Seriously... we just ate upwards of $6 trillion on a couple of wars that changed nothing for the better, and frankly people already seem largely over it, even as those wars are far from over. Clearly the public is not above being led by the nose when it comes to bombing people they've never met, don't identify with, and maybe even are a bit scared of.
I don't see why dropping support for the House of Saud would require we bomb anyone. We'd garrison Israel, the UAE and Kuwait and let Saudi Arabia consume itself from within. The Kingdom depends on American arms. If we cut those sales off, their security infrastructure starts failing within weeks.
My fundamental point is that American influence over the Saudis shadows any Saudi influence on America.
I agree with you completely. I only mean that since Americans have shown willingness to commit to far more in the name of far less, this would be a trivial thing to lead them into.
The Saudi Terror Clan spends tens of billions of dollars every year on bribing US politicians and retired politicians and military men. It's true that the US people would be fine without any alliance with the STC, but US policy isn't set by the American people.
US policy is set by politicians, bureaucrats, and military leaders. And STC has them well into its palm. That's why the STC can attack us on our own soil, kill thousands of us, and get thanked and rewarded by our leaders.
It's easy to say everything's fine now when the ramifications of this have not played out.
Interest rates are stupidly low now, borrowing trillions has never been easier. If they get as high as they did in the 1980s there will be blood in the streets.

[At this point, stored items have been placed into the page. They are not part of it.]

Definition sinK (K u : R) : R :=
  if Rlt_dec 0 K then sin (sqrt (Rabs K) * u) else sinh (sqrt (Rabs K) * u).

Definition versK (K u : R) : R := sgnK K * (1 - cosK K u).

Section ModelTrigonometry.

Variable K : R.
Local Notation kappa := (sqrt (Rabs K)).

Lemma sgnK_sqr : sgnK K * sgnK K = 1.
Proof. unfold sgnK. destruct Rlt_dec; ring. Qed.

Lemma cosK_0 : cosK K 0 = 1.
Proof. unfold cosK. rewrite Rmult_0_r. destruct Rlt_dec; [apply cos_0 | apply cosh_0]. Qed.

Lemma cosK_opp (u : R) : cosK K (- u) = cosK K u.
Proof.
  unfold cosK. rewrite <- Ropp_mult_distr_r. destruct Rlt_dec; [apply cos_neg | apply cosh_opp].
Qed.

Lemma cosK_add (u v : R) : cosK K (u + v) = cosK K u * cosK K v - sgnK K * (sinK K u * sinK K v).
Proof.
  unfold cosK, sinK, sgnK. rewrite Rmult_plus_distr_l.
  destruct Rlt_dec; [rewrite cos_plus | rewrite cosh_add]; ring.
Qed.

Lemma cosK_sub (u v : R) : cosK K (u - v) = cosK K u * cosK K v + sgnK K * (sinK K u * sinK K v).
Proof.
  unfold cosK, sinK, sgnK. rewrite Rmult_minus_distr_l.
  destruct Rlt_dec; [rewrite cos_minus | rewrite cosh_sub]; ring.
Qed.

Lemma sinK_sqr (u : R) : sinK K u ^ 2 = sgnK K * (1 - cosK K u ^ 2).
Proof.
  unfold cosK, sinK, sgnK. destruct Rlt_dec.
  - pose proof (sin2 (kappa * u)). unfold Rsqr in *. lra.
  - pose proof (cosh_sqr_sub_sinh_sqr (kappa * u)). lra.
Qed.

Lemma cosK_sub_add_sum (u v : R) : cosK K (u - v) + cosK K (u + v) = 2 * cosK K u * cosK K v.
Proof. rewrite cosK_sub, cosK_add. ring. Qed.

Lemma cosK_sub_add_mul (u v : R) :
  cosK K (u - v) * cosK K (u + v) = cosK K u ^ 2 + cosK K v ^ 2 - 1.
Proof.
  rewrite cosK_sub, cosK_add.
  transitivity (cosK K u ^ 2 * cosK K v ^ 2 - (sgnK K * sgnK K) * (sinK K u ^ 2 * sinK K v ^ 2)); [ring|].
  rewrite !sinK_sqr. transitivity (cosK K u ^ 2 * cosK K v ^ 2
    - (sgnK K * sgnK K) ^ 2 * ((1 - cosK K u ^ 2) * (1 - cosK K v ^ 2))); [ring|].
  rewrite sgnK_sqr. ring.
Qed.

Lemma Rabs_cosK_le (r u : R) : Rabs u <= r -> Rabs (cosK K u) <= exp (kappa * r).
Proof.
  intros Hu. pose proof (sqrt_pos (Rabs K)) as Hk.
  assert (Hku : Rabs (kappa * u) <= kappa * r)
    by (rewrite Rabs_mult, (Rabs_pos_eq kappa Hk); apply Rmult_le_compat_l; lra).
  unfold cosK. destruct Rlt_dec.
  - pose proof (exp_ineq1_le (kappa * r)). pose proof (Rabs_pos u).
    assert (Rabs (cos (kappa * u)) <= 1) by (apply Rabs_le; pose proof (COS_bound (kappa * u)); lra).
    nra.
  - rewrite Rabs_pos_eq by (pose proof (cosh_ge_1 (kappa * u)); lra).
    eapply Rle_trans; [apply cosh_le_exp_abs | apply exp_le, Hku].
Qed.

Lemma Rabs_cosK_sub_le (r u v : R) : Rabs u <= r -> Rabs v <= r ->
  Rabs (cosK K u - cosK K v) <= kappa * exp (kappa * r) * Rabs (u - v).
Proof.
  intros Hu Hv. pose proof (sqrt_pos (Rabs K)) as Hk.
  assert (Hscale : forall w, Rabs w <= r -> Rabs (kappa * w) <= kappa * r)
    by (intros w Hw; rewrite Rabs_mult, (Rabs_pos_eq kappa Hk); apply Rmult_le_compat_l; lra).
  assert (Hdiff : Rabs (kappa * u - kappa * v) = kappa * Rabs (u - v))
    by (rewrite <- Rmult_minus_distr_l, Rabs_mult, (Rabs_pos_eq kappa Hk); reflexivity).
  pose proof (Rabs_pos (u - v)).
  unfold cosK. destruct Rlt_dec.
  - eapply Rle_trans; [apply Rabs_cos_sub_le|]. rewrite Hdiff.
    assert (1 <= exp (kappa * r))
      by (pose proof (exp_ineq1_le (kappa * r)); pose proof (Rabs_pos u); nra).
    assert (0 <= kappa * Rabs (u - v)) by nra. nra.
  - eapply Rle_trans; [apply Rabs_cosh_sub_le; apply Hscale; eassumption|]. rewrite Hdiff. lra.
Qed.

Lemma sgnK_mul_le_Rabs (u : R) : sgnK K * u <= Rabs u.
Proof.
  unfold sgnK. destruct Rlt_dec.
  - rewrite Rmult_1_l. apply Rle_abs.
  - rewrite <- Rabs_Ropp. replace (-1 * u) with (- u) by ring. apply Rle_abs.
Qed.

Lemma one_add_cosK_pos (u : R) : 0 <= u -> (0 < K -> kappa * u < PI) -> 0 < 1 + cosK K u.
Proof.
  intros Hu Hpi. pose proof (sqrt_pos (Rabs K)). unfold cosK. destruct Rlt_dec as [HK|HK].
  - pose proof (cos_decreasing_1 (kappa * u) PI). pose proof PI_RGT_0. rewrite cos_PI in *. nra.
  - pose proof (cosh_ge_1 (kappa * u)). lra.
Qed.

Lemma cosK_ge_half (u : R) : 0 <= u -> (0 < K -> kappa * u <= PI / 3) -> 1 / 2 <= cosK K u.
Proof.
  intros Hu Hpi. pose proof (sqrt_pos (Rabs K)). unfold cosK. destruct Rlt_dec as [HK|HK].
  - rewrite <- cos_PI3. pose proof PI_RGT_0. apply cos_decr_1; nra.
  - pose proof (cosh_ge_1 (kappa * u)). lra.
Qed.

Lemma cosK_nonneg (u : R) : 0 <= u -> (0 < K -> kappa * u <= PI / 2) -> 0 <= cosK K u.
Proof.
  intros Hu Hpi. pose proof (sqrt_pos (Rabs K)). unfold cosK. destruct Rlt_dec as [HK|HK].
  - pose proof PI_RGT_0. apply cos_ge_0; nra.
  - pose proof (cosh_ge_1 (kappa * u)). lra.
Qed.

Lemma versK_0 : versK K 0 = 0.
Proof. unfold versK. rewrite cosK_0. ring. Qed.

Lemma versK_nonneg (u : R) : 0 <= versK K u.
Proof.
  unfold versK, sgnK, cosK. destruct Rlt_dec.
  - pose proof (COS_bound (kappa * u)). lra.
  - pose proof (cosh_ge_1 (kappa * u)). lra.
Qed.

Hypothesis K_neq0 : K <> 0.

Lemma kappa_pos : 0 < kappa.
Proof. apply sqrt_lt_R0, Rabs_pos_lt, K_neq0. Qed.

Lemma sinK_pos (u : R) : 0 < u -> (0 < K -> kappa * u < PI) -> 0 < sinK K u.
Proof.
  intros Hu Hpi. pose proof kappa_pos. unfold sinK. destruct Rlt_dec as [HK|HK].
  - apply sin_gt_0; nra.
  - rewrite <- sinh_0. apply sinh_lt. nra.
Qed.

Lemma versK_lt (u v : R) : 0 <= u < v -> (0 < K -> kappa * v <= PI) -> versK K u < versK K v.
Proof.
  intros Huv Hpi. pose proof kappa_pos. unfold versK, sgnK, cosK. destruct Rlt_dec as [HK|HK].
  - pose proof (cos_decreasing_1 (kappa * u) (kappa * v)). nra.
  - pose proof (cosh_lt (kappa * u) (kappa * v)). nra.
Qed.

Lemma versK_lt_inv (u v : R) : 0 <= u -> 0 <= v -> (0 < K -> kappa * u <= PI) ->
  versK K u < versK K v -> u < v.
Proof.
  intros Hu Hv Hpi Hlt. destruct (Rlt_le_dec u v) as [|[Hvu | ->]]; [assumption | |lra].
  pose proof (versK_lt v u (conj Hv Hvu) Hpi). lra.
Qed.

Lemma versK_small_inv (eps : R) : 0 < eps -> exists eta, 0 < eta /\
  forall u, 0 <= u -> (0 < K -> kappa * u <= PI) -> versK K u < eta -> u < eps.
Proof.
  intros Heps. pose proof kappa_pos. pose proof PI_RGT_0.
  set (eps' := Rmin eps (PI / kappa)).
  assert (Heps' : 0 < eps') by (apply Rmin_glb_lt; [|apply Rdiv_lt_0_compat]; lra).
  assert (Hpi : kappa * eps' <= PI).
  { apply Rle_trans with (kappa * (PI / kappa)); [|right; field; lra].
    apply Rmult_le_compat_l; [lra | apply Rmin_r]. }
  exists (versK K eps'). split.
  - rewrite <- versK_0. apply versK_lt; auto. lra.
  - intros u Hu Hupi Hlt. pose proof (Rmin_l eps (PI / kappa)).
    enough (u < eps') by (unfold eps' in *; lra).
    apply versK_lt_inv; auto. lra.
Qed.

End ModelTrigonometry.

(* For h = cosK K and s = x + y (resp. x - y), [sgnK K * quad_defect] is the
   numerator of cosq_K - 1 (resp. cosq_K + 1). *)
Definition quad_defect (h : R -> R) (s x y a b d f : R) : R :=
  (h b + h s) * (1 + h a) - (h x + h d) * (h y + h f).

Lemma Rabs_mult_le (u v U V : R) : Rabs u <= U -> Rabs v <= V -> Rabs (u * v) <= U * V.
Proof. intros. rewrite Rabs_mult. apply Rmult_le_compat; auto using Rabs_pos. Qed.

Lemma Rabs_add_le (u v U V : R) : Rabs u <= U -> Rabs v <= V -> Rabs (u + v) <= U + V.
Proof. intros. pose proof (Rabs_triang u v). lra. Qed.

Lemma quad_defect_perturb (h : R -> R) (s x y a b d f a' b' d' f' H m : R) :
  1 <= H -> Rabs (h s) <= H -> Rabs (h x) <= H -> Rabs (h y) <= H -> Rabs (h a) <= H ->
  Rabs (h b') <= H -> Rabs (h d') <= H -> Rabs (h f) <= H ->
  Rabs (h a - h a') <= m -> Rabs (h b - h b') <= m ->
  Rabs (h d - h d') <= m -> Rabs (h f - h f') <= m ->
  Rabs (quad_defect h s x y a b d f - quad_defect h s x y a' b' d' f') <= 8 * H * m.
Proof.
  intros H1 Hs Hx Hy Ha Hb' Hd' Hf Ea Eb Ed Ef.
  replace (quad_defect h s x y a b d f - quad_defect h s x y a' b' d' f')
    with ((h b - h b') * (1 + h a) + (h b' + h s) * (h a - h a')
          + ((h d - h d') * - (h y + h f) + (h f - h f') * - (h x + h d')))
    by (unfold quad_defect; ring).
  assert (H2 : forall u v, Rabs u <= H -> Rabs v <= H -> Rabs (u + v) <= 2 * H)
    by (intros; replace (2 * H) with (H + H) by ring; apply Rabs_add_le; assumption).
  assert (H1a : Rabs (1 + h a) <= 2 * H) by (apply H2; [rewrite Rabs_R1|]; assumption).
  replace (8 * H * m) with (m * (2 * H) + 2 * H * m + (m * (2 * H) + m * (2 * H))) by ring.
  repeat apply Rabs_add_le; apply Rabs_mult_le; try rewrite Rabs_Ropp; auto.
Qed.

Lemma quad_defect_upper_model (h : R -> R) (x y d : R) :
  quad_defect h (x + y) x y x y d (x + y) = (1 - h d) * (h y + h (x + y)).
Proof. unfold quad_defect. ring. Qed.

What is a new regime going to do significantly differently? No matter who rules, they are going to pump and sell the oil. Heck, even the ISIS does that with oil under their control.
House of Saud are not vassals of the US, and they don't control the US.
They made a deal way back that the US would keep House of Saud in power, in exchange for their Oil at market prices. That - and the fact that they are allies on 'terrorism' means a degree of mutually beneficial transactions.
Strategic partners, that's it.
The US does things that massively piss of the Saudis - particularly the removal of Iran sanctions. That is pretty much #1 worst thing that the US could do, outside of withdrawing support for them unilaterally.
> That - and the fact that they are allies on 'terrorism'
I think you put the quotation marks in the wrong place. The Saudi government are "allies" with the US on terrorism - that is, they nominally support the US efforts to combat terrorism, which means that the US overlooks Saudi-originating terrorism and instead directs its attention elsewhere.
In exchange for selling their oil at market prices? That's not much of an exchange, given the Saudis have to sell their oil at market prices to someone and the market is entirely fungible. If they sell it to different countries we can just buy the oil those countries no longer need.
"That's not much of an exchange, given the Saudis have to sell their oil at market prices to someone and the market is entirely fungible"
It's a very important deal considering how much Oil they have, and that they could chose to use it as a geostratgic weapon - but really, if the US did not protect them they would have been invaded long ago.
It's not so apparent in 2016, but it was more important way back.
Saudi Oil is sweet, and very easy to access with old-school technology. Nowadays you have off-shore, deep-water, Oil Sands, horizontal drilling etc. etc. that didn't exist.
The ties surely go deeper than just oil, for example helping to keep the area stable or as least as stable as is beneficial. However I wonder if the recent boom in shale oil in the US might have tipped the relationship in US favor.